PROBLEM:
In the entries below, find the line with "load_inv pre D ops -> #|D| = k" and the line with "have uB : u \notin B."; give again those lines and every line between them, exactly.

↓

Lemma load_inv_evict pre D ops w :
  load_inv pre D ops -> #|D| = k -> w \in B -> w \notin D -> {subset pre <= B} ->
  exists u, [/\ lru_victim ts D = Some u, u \in D &
                load_inv pre (D :\ u) (ops ++ [:: Evict u])].
Proof.
case=> run ops_feas /feasibleP[_ D_closed] deps_newer phase_newer keeps loaded fetches.
move=> Dk wB wD preB.
have D0 : D != set0.
  by apply/set0Pn/card_gt0P; rewrite Dk (leq_trans _ B_le_k) //; apply/card_gt0P; exists w.
have [u [victim uD umin]] := lru_victim_min ts D0.
(* A victim in the phase would make every cached item, and [w], lie in the phase. *)
have uB : u \notin B.
  apply/negP=> uB; have : w |: D \subset B.
    apply/subsetP=> x /setU1P[->//|xD]; apply/negPn/negP=> xB.
    by have := phase_newer u x uD uB xD xB; rewrite ltnNge umin.
  by move/subset_leq_card; rewrite cardsU1 wD Dk; lia.
have Du_closed x : x \in D :\ u -> T E x \subset D :\ u.
  case/setD1P=> xu xD; apply/subsetP=> y yTx.
  rewrite in_setD1 (subsetP (D_closed x xD) y yTx) andbT; apply/eqP=> yu.
  move: yTx; rewrite yu => uTx.
  have := deps_newer x u xD uTx; rewrite eq_sym xu => /(_ isT).
  by rewrite ltnNge umin.
have Du_feas : feasible E k (D :\ u).
  by apply/feasibleP; split=> //; rewrite -Dk subset_leq_card ?subsetDl.
exists u; split=> //; split.
- by rewrite run_ops_cat run.
- by rewrite ops_feasible_cat ops_feas run /= Du_feas.
- exact: Du_feas.
- by move=> x y /setD1P[_ xD]; apply: deps_newer.
- by move=> b c /setD1P[_ bD] bB /setD1P[_ cD]; apply: phase_newer.
- apply/subsetP=> x xCB; rewrite in_setD1 (subsetP keeps) // andbT.
  by apply: contraNneq uB => <-; case/setIP: xCB.
- by move=> x xpre; rewrite in_setD1 loaded // andbT; apply: contraNneq uB => <-; apply: preB.
- by rewrite count_cat addn0.
Qed.

Lemma load_inv_fetch pre D ops w :
  load_inv pre D ops -> #|D| < k -> w \notin D -> w \in B ->
  {subset T E w :\ w <= pre} ->
  (forall y, y \in T E w -> y != w -> ts w < ts y) ->
  (forall c, c \notin B -> ts c < ts w) ->
  load_inv (rcons pre w) (w |: D) (ops ++ [:: Fetch w]).
Proof.
case=> run ops_feas /feasibleP[_ D_closed] deps_newer phase_newer keeps loaded fetches.
move=> Dk wD wB w_deps w_deps_newer w_newer.
have wC : w \notin C by apply: contra wD => wC; apply: (subsetP keeps); rewrite inE wC.
have wD_feas : feasible E k (w |: D).
  apply/feasibleP; split; first by rewrite cardsU1; case: (w \notin D); lia.
  move=> x /setU1P[->|xD]; last exact: subset_trans (D_closed x xD) (subsetUr _ _).
  apply/subsetP=> y yTw; case: (eqVneq y w) => [->|yw]; first exact: setU11.
  by rewrite in_setU1 loaded ?orbT // w_deps // in_setD1 yw.
split.
- by rewrite run_ops_cat run.
- by rewrite ops_feasible_cat ops_feas run /= wD_feas.
- exact: wD_feas.
- by move=> x y /setU1P[->|xD]; [apply: w_deps_newer | apply: deps_newer].
- move=> b c /setU1P[->|bD] bB /setU1P[->|cD] cB.
  + by rewrite bB in cB.
  + exact: w_newer.
  + by rewrite wB in cB.
  + exact: phase_newer.
- exact: subset_trans keeps (subsetUr _ _).
- move=> x; rewrite -cats1 mem_cat inE => /orP[/loaded xD|/eqP->].
    exact: setU1r.
  exact: setU11.
- by rewrite -cats1 !count_cat /= wC !addn0 leq_add2r.
Qed.
Lemma ofmxK : cancel ofmx tomx.
Proof. by move=> A; apply/matrixP => i j; rewrite mxE /ofmx !enum_valK. Qed.

Lemma tocv_app (M : op) (v : vec) : tocv (app M v) = tomx M *m tocv v.
Proof.
apply/matrixP => i j; rewrite !mxE /app (big_enum_val (A := predT)).
by apply: eq_bigr => k _; rewrite !mxE.
Qed.

Lemma tocv_scale (a : C) (v : vec) : tocv (fun c => a * v c) = a *: tocv v.
Proof. by apply/matrixP => i j; rewrite !mxE. Qed.

Lemma eigenvec_tomx (rho : op) (lam : C) (v : vec) :
  app rho v = (fun c => lam * v c) <-> tomx rho *m tocv v = lam *: tocv v.
Proof.
split=> [Ev | Ev]; first by rewrite -tocv_app Ev tocv_scale.
by apply: (can_inj tocvK); rewrite tocv_app Ev tocv_scale.
Qed.

Lemma hermitian_normalmx_tomx (rho : op) : hermitian_op rho -> tomx rho \is normalmx.
Proof.
move=> rho_herm; have adjA : (tomx rho ^t* )%sesqui = tomx rho.
  by apply/matrixP => i j; rewrite !mxE; exact/esym/rho_herm.
by apply/normalmxP; rewrite adjA.
Qed.

Lemma spec_pow_itP (rho : op) (t : R) :
  hermitian_op rho -> is_spec_pow_it rho t (spec_pow_it rho t).
Proof.
move=> /hermitian_normalmx_tomx normal_rho; apply: epsilon_spec.
exists (ofmx (spectral_map (tomx rho) (pow_it t))) => lam v /eigenvec_tomx Ev.
by apply/eigenvec_tomx; rewrite ofmxK; apply: spectral_map_eigen.
Qed.

Definition eigen_spanning (rho : op) n (lam : 'I_n -> C) (b : 'I_n -> vec) : Prop :=
  (forall k, app rho (b k) = (fun c => lam k * b k c)) /\
  (forall phi : vec, exists al : 'I_n -> C, phi = (fun c => \sum_k al k * b k c)).

Lemma hermitian_eigen_spanning (rho : op) :
  hermitian_op rho -> exists lam b, @eigen_spanning rho N lam b.
Proof.
move=> /hermitian_normalmx_tomx normal_rho; set P := spectralmx (tomx rho).
exists (fun k => spectral_diag (tomx rho) 0 k), (fun k => ofcv (col k (invmx P))).
split=> [k | phi].
  by apply/eigenvec_tomx; rewrite ofcvK; apply: spectral_eigen_col.
exists (fun k => (P *m tocv phi) k 0).
rewrite -{1}[phi]tocvK -{1}[tocv phi](mulKmx (spectral_unit (tomx rho))).
apply: functional_extensionality => c; rewrite /ofcv mxE.
by apply: eq_bigr => k _; rewrite !mxE mulrC.
Qed.

Lemma spec_pow_it_intertwine (rho rho' W M M' : op) t n lam b :
  @eigen_spanning rho n lam b -> is_spec_pow_it rho t M -> is_spec_pow_it rho' t M' ->
  (forall v, app rho' (app W v) = app W (app rho v)) ->
  forall phi, app M' (app W phi) = app W (app M phi).
Proof.
move=> [eig span] spec_M spec_M' intertwine phi; have [al ->] := span phi.
have eigW k : app rho' (app W (b k)) = (fun c => lam k * app W (b k) c).
  by rewrite intertwine eig app_scale.
rewrite !app_sum; apply: functional_extensionality => c; apply: eq_bigr => k _.
by rewrite (spec_M' _ _ (eigW k)) (spec_M _ _ (eig k)) app_scale.
Qed.
Lemma Bprod_le_bk j (x := tk ^+ (2 * j)) : (j <= k)%N ->
  x * Bprod x ^+ 2 <= uk * tk ^+ (2 * k) * Aprod x ^+ 2.
Proof.
move=> jk; have x0 : 0 < x := tkX_gt0 _.
have A0 := Aprod_gt0 (ltW x0); have B0 := Bprod_gt0 (ltW x0).
have xT : x * tk ^+ (k - j) ^+ 2 = tk ^+ (2 * k).
  by rewrite -exprM -exprD; congr (_ ^+ _); lia.
apply: le_trans (_ : x * (2 ^+ j * tk ^+ (k - j) * Aprod x) ^+ 2 <= _).
  have T0 : 0 <= 2 ^+ j * tk ^+ (k - j) * Aprod x.
    by rewrite !mulr_ge0 ?exprn_ge0 ?(ltW A0) // ltW // tk_gt0.
  by rewrite ler_pM2l // ler_sqr ?nnegrE ?(ltW B0) // Bprod_le_Aprod.
have -> : x * (2 ^+ j * tk ^+ (k - j) * Aprod x) ^+ 2
    = (2 ^+ j) ^+ 2 * (x * tk ^+ (k - j) ^+ 2) * Aprod x ^+ 2 by ring.
rewrite xT ler_wpM2r ?exprn_ge0 ?(ltW A0) // ler_wpM2r ?exp2_sqr_le_uk //.
exact: ltW (tkX_gt0 _).
Qed.

Lemma tkX_lt_bk : tk ^+ (2 * k) < bk.
Proof. by have := uk_ge1; have := tkX_gt0 (2 * k); rewrite /bk; nra. Qed.

Lemma bk_gt0 : 0 < bk.
Proof. exact: lt_trans (tkX_gt0 _) tkX_lt_bk. Qed.

(* [P - Q] for the realizations of [scheme_even k] and [scheme_odd k]. *)
Definition feven (x : R) : R := (x - bk) * Aprod x ^+ 2 + x * Bprod x ^+ 2.
Definition fodd (x : R) : R := x * (x - bk) * Aprod x ^+ 2 + (x + 1) ^+ 2 * Bprod x ^+ 2.

Lemma tkX_le_uk_tkX m : (m <= 2 * k)%N -> tk ^+ m <= uk * tk ^+ (2 * k).
Proof.
move=> mk; apply: le_trans (ler_tkX mk) _.
by rewrite ler_peMl ?uk_ge1 // ltW // tkX_gt0.
Qed.

Lemma feven_tkX m : (m <= 2 * k)%N -> 0 < (-1) ^+ m.+1 * feven (tk ^+ m).
Proof.
move=> mk; rewrite -signr_odd /= /feven; have := odd_double_half m.
set x := tk ^+ m; have x0 : 0 < x := tkX_gt0 m.
have A0 := Aprod_gt0 (ltW x0); have B0 := Bprod_gt0 (ltW x0).
have A20 : 0 < Aprod x ^+ 2 := exprn_gt0 _ A0.
case: (odd m) => /= e; rewrite ?expr0 ?expr1 ?mul1r ?mulN1r.
  have ik : (m./2 < k)%N by lia.
  have := bk_Aprod_le ik; rewrite (_ : (2 * m./2 + 1 = m)%N); last by lia.
  by rewrite -/x; nra.
have ik : (m./2 <= k)%N by lia.
have := Bprod_le_bk ik; rewrite (_ : (2 * m./2 = m)%N); last by lia.
have := tkX_le_uk_tkX mk; rewrite -/x /bk; nra.
Qed.

Lemma fodd_tkX m : (m <= 2 * k)%N -> 0 < (-1) ^+ m.+1 * fodd (tk ^+ m).
Proof.
move=> mk; rewrite -signr_odd /= /fodd; have := odd_double_half m.
set x := tk ^+ m; have x1 : 1 <= x := tkX_ge1 m.
set W := uk * tk ^+ (2 * k); have bkE : bk = 6 * W by rewrite /bk mulrA.
have A0 := Aprod_gt0 (ltW (lt_le_trans ltr01 x1)).
have B0 := Bprod_gt0 (ltW (lt_le_trans ltr01 x1)).
have A20 : 0 < Aprod x ^+ 2 := exprn_gt0 _ A0.
have B20 : 0 < Bprod x ^+ 2 := exprn_gt0 _ B0.
case: (odd m) => /= e; rewrite ?expr0 ?expr1 ?mul1r ?mulN1r.
  have ik : (m./2 < k)%N by lia.
  have := bk_Aprod_le ik; rewrite (_ : (2 * m./2 + 1 = m)%N); last by lia.
  by rewrite -/x; nra.
have ik : (m./2 <= k)%N by lia.
have := Bprod_le_bk ik; rewrite (_ : (2 * m./2 = m)%N); last by lia.
have := tkX_le_uk_tkX mk; rewrite -/x -/W bkE.
move=> xW; set A2 := Aprod x ^+ 2 in A20 *; set B2 := Bprod x ^+ 2 in B20 * => xBA.
have : (x + 1) ^+ 2 * B2 <= 4 * x * (x * B2).
  by rewrite mulrA; apply: ler_wpM2r; nra.
have : x * (x * B2) <= x * (W * A2) by apply: ler_wpM2l => //; lra.
have : x * (x * A2) <= x * (W * A2) by apply: ler_wpM2l; nra.
have : 0 < x * (W * A2) by apply: mulr_gt0; nra.
nra.
Qed.

End Scale.
Lemma collapse_blocksE (j : 'I_n) (t : 'I_(M j)) :
  collapse_blocks (blk t) = @blk n (fun _ => 1) j (omor_to1 (M j) t).
Proof. by apply: val_inj; rewrite (blk1 (n := n)) /= phi_blk_fib. Qed.

End BlockDecomposition.

Section Reconstruction.
Variables (V : colaxMonoidalCat) (H : hcoalg V).
Hypothesis hC_tens : forall I : nat, hC H I = tens (fun _ : 'I_I => hC H 1).
Hypothesis chi_block : forall (I : nat) (N : 'I_I -> nat) (psi : omor (bsum N) I),
  is_block_map psi -> arr (chi H N) = arr (lam psi (fun _ => hC H 1)).

Definition comult I : Hom (hC H 1) (tens (fun _ : 'I_I => hC H 1)) :=
  eq_rect (hC H I) (Hom (hC H 1)) (hCM H (omor_to1 I)) _ (hC_tens I).

Lemma arr_comult I : arr (comult I) = arr (hCM H (omor_to1 I)).
Proof. exact: arr_eq_rect. Qed.

Lemma hCM_fibrewise m n (phi : omor m n) :
  arr (hCM H phi) =
  arr (Defs.comp (tensM (fun j : 'I_n => comult #|fib phi j|))
                 (lam phi (fun _ : 'I_m => hC H 1))).
Proof.
pose M (j : 'I_n) := #|fib phi j|.
have chi_nat_collapse := @chi_nat V H n M (fun _ => 1) (fun j => omor_to1 (M j))
  (collapse_blocks phi) (collapse_blocksE (phi := phi)).
have chi_units_id : arr (chi H (fun _ : 'I_n => 1)) = arr (idm (tens (fun _ : 'I_n => hC H 1))).
  rewrite (chi_block (unit_block_mapP (n := n))).
  by rewrite (arr_lam_cast (em := bsum1 n) (phi := omor_id n)) //; apply: lam_id.
rewrite -(arr_hCM_cast H (bsum1 n) (em := bsum_card_fib phi) (psi := collapse_blocks phi)) //.
rewrite -(arr_comp_idl (hCM H (collapse_blocks phi)) chi_units_id) -chi_nat_collapse.
apply: arr_comp; first by apply: arr_tensM => j; rewrite arr_comult.
rewrite (chi_block (fib_block_mapP (phi := phi))).
exact: (arr_lam_cast (em := bsum_card_fib phi)).
Qed.

Lemma comult_counit : arr (comult 1) = arr (idm (hC H 1)).
Proof.
rewrite arr_comult.
have -> : omor_to1 1 = omor_id 1 by apply: omor_ext => x; rewrite !ord1.
by rewrite hCM_id.
Qed.

Lemma comult_coassoc I J (phi : omor I J) :
  comult I = Defs.comp (Defs.comp (comult J) (tensM (fun j : 'I_J => comult #|fib phi j|)))
                       (lam phi (fun _ : 'I_I => hC H 1)).
Proof.
apply: arr_inj; rewrite -Defs.compA arr_comult.
have -> : omor_to1 I = omor_comp phi (omor_to1 J) by apply: omor_ext.
rewrite hCM_comp; apply: arr_comp; first by rewrite arr_comult.
exact: hCM_fibrewise.
Qed.

Definition underlying_coalg : coalg V := Coalg comult_counit comult_coassoc.

Lemma associated_with_underlying : associated_with underlying_coalg H.
Proof. by split=> //; apply: hCM_fibrewise. Qed.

↑

ANSWER FOR THE TASK:
  load_inv pre D ops -> #|D| = k -> w \in B -> w \notin D -> {subset pre <= B} ->
  exists u, [/\ lru_victim ts D = Some u, u \in D &
                load_inv pre (D :\ u) (ops ++ [:: Evict u])].
Proof.
case=> run ops_feas /feasibleP[_ D_closed] deps_newer phase_newer keeps loaded fetches.
move=> Dk wB wD preB.
have D0 : D != set0.
  by apply/set0Pn/card_gt0P; rewrite Dk (leq_trans _ B_le_k) //; apply/card_gt0P; exists w.
have [u [victim uD umin]] := lru_victim_min ts D0.
(* A victim in the phase would make every cached item, and [w], lie in the phase. *)
have uB : u \notin B.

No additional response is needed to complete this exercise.